An anonymous hacker group claims that hundreds of thousands of emails were hacked from palm oil and mining companies from Indonesia.
The affected companies are PT Rea Kaltim Plantations and Jhonlin Group. This information was revealed by the owner of the Twitter account @YourAnonTV on Thursday (28/7/2022) yesterday.
“Anonymous released 314,055 hacked emails (277 GB) from PT Rea Kaltim Plantations and Group, an Indonesian palm oil company that has been the subject of numerous protests, conflicts and allegations of human rights violations. Data available on #DDoSecrets, ” wrote @YourAnonTV, quoted Friday (29/7/2022).
DDoSecrets (Distributed Denial of Secrets) itself is a nonprofit website for news leaks founded in 2018. This site is often referred to as the successor to WikiLeaks, due to its June 2020 publication of a large collection of internal police documents, known as BlueLeaks.
In addition, @YourAnonTV also said that 600,000 emails were hacked (513 GB) from the Jhonlin Group, a mining and oil palm plantation conglomerate.
“Anonymous released over 600,000 hacked emails (513 GB) from the Jhonlin Group, a mining and oil palm plantation conglomerate,” he tweeted.
They say the conglomerate is known to use police to intimidate journalists and activists.
To ensure that this information is correct, the Liputan6.com team continues to contact PT Rea Kaltim Plantations and Jhonlin Group to get further confirmation.
Previously, Twitter also suffered a data breach after cybercriminals exploited a weakness in the social media platform.
Taking advantage of a vulnerability in Twitter, hackers were able to steal a database containing phone numbers and email addresses belonging to 5.4 million accounts.
Quoting BleepingComputer, Saturday (23/7/2022), currently the data for 5.4 million Twitter accounts is being sold on a hacking forum for USD 30,000 or around Rp. 450 million.
The hacker nicknamed “The Devil” said on the Stolen Data Marketplace that the database he stole contained information about various accounts, including celebrities, companies and random users.
“Hi, today I’m showing you data collected through exploits from some Twitter users. (5,485,636 users to be exact),” wrote a thread on the forum.
“These users range from celebrities to corporate, random, OG, etc,” added The Devil.

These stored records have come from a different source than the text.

Lemma sidon_zero_sumP S : reflect (~ distinct_sum S 4 0) (sidon S).
Proof.
apply: (iffP idP) => [/sidonP sS [s [+ + sub]] | nz].
  case: s sub => [|a [|b [|c [|d []]]]] // sub; rewrite uniq4 => abcd _.
  rewrite !big_cons big_nil addr0 !addrA -(addrA (a + b)) => /eqP.
  by rewrite F2mx_addr_eq0; apply/negP/sS; rewrite // sub // !inE eqxx ?orbT.
apply/sidonP => a b c d aS bS cS dS abcd; rewrite -F2mx_addr_eq0.
by apply/eqP => e; apply: nz; rewrite -e; apply: distinct_sum4.
Qed.

Lemma not_sidon_distinct_sum4 S : ~~ sidon S -> distinct_sum S 4 0.
Proof.
case/forall_inPn => a aS /forall_inPn [b bS /forall_inPn [c cS /forall_inPn [d dS]]].
rewrite negb_imply negbK => /andP [abcd /eqP e].
by rewrite -(F2mx_addxx (c + d)) -[X in X + _]e; apply: distinct_sum4.
Qed.

End Sidon.

Section ZeroSumFree.
Variable n : nat.
Implicit Types S : {set 'cV['F_2]_n}.

Lemma sum_free_zero_sum3 S : sum_free S -> ~ distinct_sum S 3 0.
Proof.
move=> sfS [s [_ + sub]]; case: s sub => [|a [|b [|c []]]] // sub _.
rewrite !big_cons big_nil addr0 addrA => /eqP; rewrite F2mx_addr_eq0.
by apply/negP/sfS; apply: sub; rewrite !inE eqxx ?orbT.
Qed.

Lemma zero_sum_free3 S : 0 \notin S -> sum_free S -> zero_sum_free S 3.
Proof.
move=> S0 sfS; apply: (zero_sum_freeS _ (sum_free_zero_sum3 sfS)).
apply: zero_sum_freeS => [|/distinct_sum2_neq0]; last by rewrite eqxx.
by apply: zero_sum_freeS => [[] | /distinct_sum1]; last exact/negP.
Qed.

Lemma zero_sum_free4 S : 0 \notin S -> sum_free S -> sidon S -> zero_sum_free S 4.
Proof. by move=> S0 sfS /sidon_zero_sumP; apply: zero_sum_freeS (zero_sum_free3 S0 sfS). Qed.

Lemma card_le_s_max S : sidon S -> (#|S| <= s_max n)%N.
Proof. exact: leq_bigmax_cond. Qed.

Lemma sidon_setU0 S : zero_sum_free S 4 -> sidon (0 |: S).
Proof.
by move=> zS; apply/sidon_zero_sumP => /distinct_sum_setU0 [] /zS; apply.
Qed.

Lemma zero_sum_free4_card_lt S : zero_sum_free S 4 -> (#|S| < s_max n)%N.
Proof.
move=> zS; have S0 : 0 \notin S by apply/negP => /distinct_sum1; apply: zS.
have -> : #|S|.+1 = #|0 |: S| by rewrite cardsU1 S0.
exact/card_le_s_max/sidon_setU0.
Qed.

End ZeroSumFree.

Section LinearImage.
Variables (m n : nat) (P : 'M['F_2]_(n, m)) (S : {set 'cV['F_2]_m}).

Lemma distinct_sum_imset k w : {in S &, injective (mulmx P)} ->
  distinct_sum [set P *m x | x in S] k w -> exists2 v, P *m v = w & distinct_sum S k v.
Proof.
move=> injP [s [us <- sPS <-]].
pose s' := [seq x <- enum S | P *m x \in s].
have us' : uniq s' by rewrite filter_uniq ?enum_uniq.
have sub' : {subset s' <= S} by move=> x; rewrite mem_filter mem_enum => /andP [].
have perm' : perm_eq [seq P *m x | x <- s'] s.
  apply: uniq_perm => //; first by rewrite map_inj_in_uniq // => x y /sub' xS /sub' yS; apply: injP.
  move=> y; apply/mapP/idP => [[x + ->] | ys]; first by rewrite mem_filter => /andP [].
  by have /imsetP [x xS yE] := sPS y ys; exists x; rewrite // mem_filter -yE ys mem_enum.
exists (\sum_(x <- s') x); last first.
  by exists s'; split=> //; rewrite -(size_map (mulmx P)) (perm_size perm').
by rewrite mulmx_sumr -(perm_big _ perm') big_map.
Qed.

Lemma card_lt_s_max_mulmx :
  (forall k v, (0 < k <= 4)%N -> P *m v = 0 -> ~ distinct_sum S k v) -> (#|S| < s_max n)%N.
Proof.
move=> hP.
have injP : {in S &, injective (mulmx P)}.
  move=> a b aS bS eP; have [// | ab] := eqVneq a b.
  by case: (hP 2%N (a + b) isT _ (distinct_sum2 aS bS ab)); rewrite mulmxDr eP F2mx_addxx.
rewrite -(card_in_imset injP); apply: zero_sum_free4_card_lt => k k4.
by case/(distinct_sum_imset injP) => v; apply: hP.
Qed.

End LinearImage.

Lemma exists_mulmx_ker_line n (m0 : 'cV['F_2]_n.+1) :
  m0 != 0 -> exists P : 'M['F_2]_(n, n.+1), forall v, P *m v = 0 -> v = 0 \/ v = m0.
Proof.
move=> m0_neq0; have [i m0i] : exists i, m0 i 0 = 1.
  have [i m0i] : exists i, m0 i 0 != 0.
    apply/existsP; apply: contraNT m0_neq0 => /existsPn m0_0.
    by apply/eqP/colP => i; rewrite mxE; apply/eqP; rewrite -[_ == _]negbK m0_0.
  by exists i; case: (F2_cases (m0 i 0)) m0i => ->; rewrite ?eqxx.
(* P v is v + v_i m0, whose i-th coordinate is 0, with that coordinate deleted. *)
exists (rowsub (lift i) (1%:M + m0 *m delta_mx 0 i)) => v.
rewrite mul_rowsub_mx mulmxDl mul1mx -mulmxA -rowE [row i v]mx11_scalar mul_mx_scalar.
move=> /matrixP vP; have /eqP : v + v i 0 *: m0 = 0.
  apply/colP => r; case: (unliftP i r) => [j -> | ->]; first by move: (vP j 0); rewrite !mxE.
  by rewrite !mxE m0i mulr1 (addrr_pchar2 (pchar_Fp _)).
rewrite F2mx_addr_eq0 => /eqP ->.
by case: (F2_cases (v i 0)) => ->; [left; rewrite scale0r | right; rewrite scale1r].
Qed.

Lemma card_lt_s_max_avoiding n (m0 : 'cV['F_2]_n.+1) (S : {set 'cV['F_2]_n.+1}) :
  m0 != 0 -> zero_sum_free S 4 -> (forall k, (0 < k <= 4)%N -> ~ distinct_sum S k m0) ->
  (#|S| < s_max n)%N.
Proof.
move=> m0_neq0 zS nm0; have [P kerP] := exists_mulmx_ker_line m0_neq0.
by apply: (card_lt_s_max_mulmx (P := P)) => k v k4 /kerP [] ->; [apply: zS | apply: nm0].
Qed.

Section Code.
Variables (t : nat) (M : {set 'cV['F_2]_t}).
Implicit Type c : 'rV['F_2]_#|M|.

Lemma mulmx_H_of c : H_of M *m c^T = \sum_(j | c 0 j != 0) enum_val j.
Proof.
apply/colP => i; rewrite !mxE summxE [RHS]big_mkcond /=; apply: eq_bigr => j _.
by rewrite !mxE; case: (F2_cases (c 0 j)) => ->; rewrite ?mulr0 ?mulr1 ?eqxx ?oner_eq0.
Qed.

Lemma wt_eq0 c : (wt c == 0%N) = (c == 0).
Proof.
rewrite /wt cards_eq0; apply/eqP/eqP => [/setP c0 | ->].
  by apply/rowP => j; move: (c0 j); rewrite !inE mxE => /negbFE/eqP.
by apply/setP => j; rewrite !inE mxE eqxx.
Qed.

Lemma big_enum_val_seq (R : Type) (idx : R) (op : Monoid.com_law idx) (F : _ -> R) s :
  uniq s -> {subset s <= M} ->
  \big[op/idx]_(j < #|M| | enum_val j \in s) F (enum_val j) = \big[op/idx]_(x <- s) F x.
Proof.
move=> us sM; rewrite -big_enum_val_cond big_uniq //.
by apply: eq_bigl => x; rewrite andb_idl //; apply: sM.
Qed.

Lemma code_distinct_sum c : c \in code_of M -> distinct_sum M (wt c) 0.
Proof.
rewrite inE mulmx_H_of => /eqP c0.
exists [seq enum_val j | j <- enum [set j | c 0 j != 0]]; split.
- by rewrite map_inj_uniq ?enum_uniq //; apply: enum_val_inj.
- by rewrite size_map /wt [in RHS]cardE.
- by move=> x /mapP [j _ ->]; apply: enum_valP.
- by rewrite big_map big_enum /=; under eq_bigl do rewrite inE.
Qed.

Lemma distinct_sum_code k : distinct_sum M k 0 -> exists2 c, c \in code_of M & wt c = k.
Proof.
move=> [s [us <- sM s0]]; exists (\row_j (enum_val j \in s)%:R).
  rewrite inE mulmx_H_of; under eq_bigl do rewrite mxE F2_natr_eq0 negbK.
  by rewrite (big_enum_val_seq _ id) ?s0.
rewrite /wt -sum1_card (eq_bigl (fun j => enum_val j \in s)) => [|j]; last first.
  by rewrite !inE mxE F2_natr_eq0 negbK.
by rewrite (big_enum_val_seq _ (fun=> 1%N)) // sum1_size.
Qed.

Lemma is_min_dist_code d :
  (0 < d)%N -> distinct_sum M d 0 -> zero_sum_free M d.-1 -> is_min_dist (code_of M) d.
Proof.
move=> d0 /distinct_sum_code [c cM wc] zM; split.
  by exists c; rewrite // -wt_eq0 wc -lt0n d0 eqxx.
move=> c' /code_distinct_sum c'M c'0; rewrite leqNgt; apply/negP => lt.
by apply: (zM (wt c')) c'M; rewrite lt0n wt_eq0 c'0 -ltnS prednK.
Qed.

Lemma distinct_sum_sub_col k v : distinct_sum M k v -> (v^T <= (H_of M)^T)%MS.
Proof.
move=> [s [_ _ sM <-]]; rewrite big_seq raddf_sum /=; apply: summx_sub => x /sM xM.
have -> : x^T = row (enum_rank_in xM x) (H_of M)^T.
  by apply/rowP => i; rewrite !mxE enum_rankK_in.
exact: row_sub.
Qed.

End Code.

Section QuotientBounds.
Variables (n : nat) (M : {set 'cV['F_2]_n.+1}).
Hypothesis zM : zero_sum_free M 4.

Lemma rank_H_of_full : (s_max n <= #|M|)%N -> \rank (H_of M) = n.+1.
Proof.
move=> le_smax; have [// | rk_neq] := eqVneq (\rank (H_of M)) n.+1.
have /row_subPn [i] : ~~ (1%:M <= (H_of M)^T)%MS by rewrite sub1mx /row_full mxrank_tr.
rewrite -[row i _]trmxK; set m0 := (row i 1%:M)^T => m0_span.
have m0_neq0 : m0 != 0 by apply: contraNneq m0_span => ->; rewrite trmx0 sub0mx.
suff : (#|M| < s_max n)%N by rewrite ltnNge le_smax.
by apply: card_lt_s_max_avoiding m0_neq0 zM _ => k _ /distinct_sum_sub_col; apply/negP.
Qed.

Lemma distinct_sum5_of_s_max_lt : (s_max n < #|M|)%N -> distinct_sum M 5 0.
Proof.
move=> lt_smax; have [m0 m0M] : exists m0, m0 \in M.
  by apply/set0Pn; rewrite -card_gt0 (leq_trans _ lt_smax).
have m0_neq0 : m0 != 0 by apply: contraTneq m0M => ->; apply/negP => /distinct_sum1; apply: zM.
apply: NNPP => nz5; rewrite (cardsD1 m0 M) m0M add1n ltnS in lt_smax.
suff : (#|M :\ m0| < s_max n)%N by rewrite ltnNge lt_smax.
apply: card_lt_s_max_avoiding m0_neq0 (zero_sum_free_subset (subD1set M m0) zM) _.
move=> k /andP [_ k4] /(distinct_sum_setD1 m0M); rewrite F2mx_addxx.
exact: (zero_sum_freeS zM nz5).
Qed.

End QuotientBounds.

Theorem theorem3p2 (t : nat) (M : {set 'cV['F_2]_t}) :
  (1 <= t)%N -> 0 \notin M -> (t.+1 <= #|M|)%N ->
  [/\ (sum_free M -> (s_max t <= #|M|)%N ->
         is_min_dist (code_of M) 4 /\ ~ sidon M),
      (sum_free M -> sidon M -> (s_max t.-1 <= #|M|)%N ->
         code_dim M = (#|M| - t)%N /\ \rank (H_of M) = t)
    & (sum_free M -> sidon M -> (s_max t.-1 < #|M|)%N ->
         is_min_dist (code_of M) 5)].
Proof.
case: t M => [// | n] M _ M0 _; split.
- move=> sfM le_smax; have nsM : ~~ sidon M.
    apply/negP => /(zero_sum_free4 M0 sfM)/zero_sum_free4_card_lt.
    by rewrite ltnNge le_smax.
  split; last exact/negP.
  exact: is_min_dist_code (not_sidon_distinct_sum4 nsM) (zero_sum_free3 M0 sfM).
- move=> sfM sM le_smax.
  have rkH := rank_H_of_full (zero_sum_free4 M0 sfM sM) le_smax.
  by rewrite /code_dim mxrank_ker mxrank_tr rkH.
- move=> sfM sM lt_smax; have zM := zero_sum_free4 M0 sfM sM.
  exact: is_min_dist_code (distinct_sum5_of_s_max_lt zM lt_smax) zM.
Qed.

The perpetrator said there were several buyers interested in buying the Twitter user data.
As reported by Restore Privacy, the vulnerability used to collect data is the same as that disclosed to Twitter via HackerOne on January 1 and fixed on January 13.
“This vulnerability allows any party without authentication to get the Twitter ID (which is almost the same as getting the account username) of any user by sending a phone number/email,” said security researcher ‘zhirinovskiy ‘.
“The bug exists because of the authorization process used in the Twitter Android Client, especially in the process of checking for duplicate Twitter accounts.”
However, Devil told BleepingComputer they are not affiliated with zhirinovskiy and have never used HackerOne.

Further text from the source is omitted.